The procedure provides for a positive additional effect in the field of MID production using the LDS technology (laser direct structuring), in which a specific additive is added to the thermoplastic synthetic material adapted to the application. In order to activate the same, the laser beam induces a physical-chemical reaction. In this, the additive is split open within the polymer matrix and acts as a catalyst during the subsequent reductive copper-plating process. Upon laser structuring, active ablation residua remain on the surface that are also metalized and that may also cause problems.

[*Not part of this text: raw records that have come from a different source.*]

(* In a single-item environment with a single real bidder whose value is drawn from the exponential distribution with mean $1$, for any $\epsilon>0$ the Deferred-Revelation Auction (DRA) over a public ledger, as described in the context, is not credible for the collateral $f=1-\epsilon$.
   Context: The bidder is quasi-linear; the exponential distribution with mean $1$ has CDF $1-e^{-t}$, virtual value $\varphi(v)=v-1$, monopoly reserve $1$. DRA over a public ledger (visible to all) with a perfectly hiding, perfectly binding, non-malleable commitment scheme: (1) every participant (the real bidder and any fake bids fabricated by the auctioneer) commits to an identifier and a bid and deposits collateral $f$; the auctioneer declares a matroid feasibility constraint $\hat{\mathcal{F}}$ and distributions $\hat D_j$ (virtual values $\hat\varphi_j$) for all committed bids; (2) each committed bid is revealed or concealed, and collateral of concealed bids is burnt; (3) among revealed bids, the set $S\in\hat{\mathcal{F}}$ maximizing $\sum_{i\in S}\hat\varphi_i(b_i)$ (lexicographic tie-breaking) is allocated, each allocated bidder paying its critical bid. The auctioneer may fabricate bids, misreport distributions and constraint (keeping the allocated real bidders feasible in the true constraint), and choose which fake bids to conceal after seeing revealed real bids. Its revenue is the real bidder's payment minus burnt collateral of its concealed fake bids. The DRA is credible for collateral $f$ if, when the real bidder bids truthfully, the auctioneer maximizes expected revenue by fabricating no bids and reporting the true distribution and constraint. *)

From HB Require Import structures.
From mathcomp Require Import all_boot all_order all_algebra.
From mathcomp Require Import all_classical all_reals all_analysis.
Set Implicit Arguments. Unset Strict Implicit. Unset Printing Implicit Defensive.
Import Order.TTheory GRing.Theory Num.Theory.
Import numFieldNormedType.Exports.
Local Open Scope ring_scope.

Record dist (R : realType) := Dist {
  pdf : R -> R;
  pdf_ge0 : forall x, 0 <= pdf x;
  pdf_meas : measurable_fun setT%classic pdf;
  pdf_int1 : (\int[lebesgue_measure]_x (pdf x)%:E = 1)%E }.

Definition cdf (R : realType) (D : dist R) (x : R) : R :=
  fine (\int[lebesgue_measure]_(t in `]-oo, x]) (pdf D t)%:E)%E.

(* Myerson virtual value  phi(b) = b - (1 - F(b)) / f(b)
   (MathComp convention: division by 0 yields 0). *)
Definition vval (R : realType) (D : dist R) (b : R) : R :=
  b - (1 - cdf D b) / pdf D b.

These residua can be removed by means of the CO2 snow jet technology, through which the fine snow crystals additionally level the roughened LDS structures. This results in a simplified design and connection technology for LDS-MIDs, such as wire bonding, equipment with non-embedded chips, or in the field of flip-chip technology. Another advantage is that the cleaning module can be integrated directly into the laser structuring system.
PLASMA—CLEANING AND ACTIVATION
Plasma, a gaseous mixture of atoms, molecules, ions, and free electrons, allows for efficient surface treatment of electronic components and parts made of different materials. In this, organic contaminations such as oils and greases are cleaned and simultaneously the surface is activated. This double function is based on a physical and chemical reaction of the procedure. Depending on the application case, lowpressure plasmas or inline-compatible atmospheric pressure plasmas are used. Using the former, it is possible to implement both oxidizing and reducing processes. Within the oxidizing plasma, organic contaminations such as greases, oils, and adhesive residua can be removed before soldering or bonding. Reducing plasma processes are mainly used to optimize bond connections by means of reducing galvanically applied metal layers. In the electronics industry, processes of surface cleaning and activation by means of atmospheric pressure plasmas are used before printing, before gluing, or before pouring electronic printed circuit boards and semiconductors, in the field of optoelectronic component production, as well as before wire bonding. A joint project also deals with barrier coatings by means of inline-compatible atmospheric pressure plasmas for selective ageing and corrosion protection of electronic components.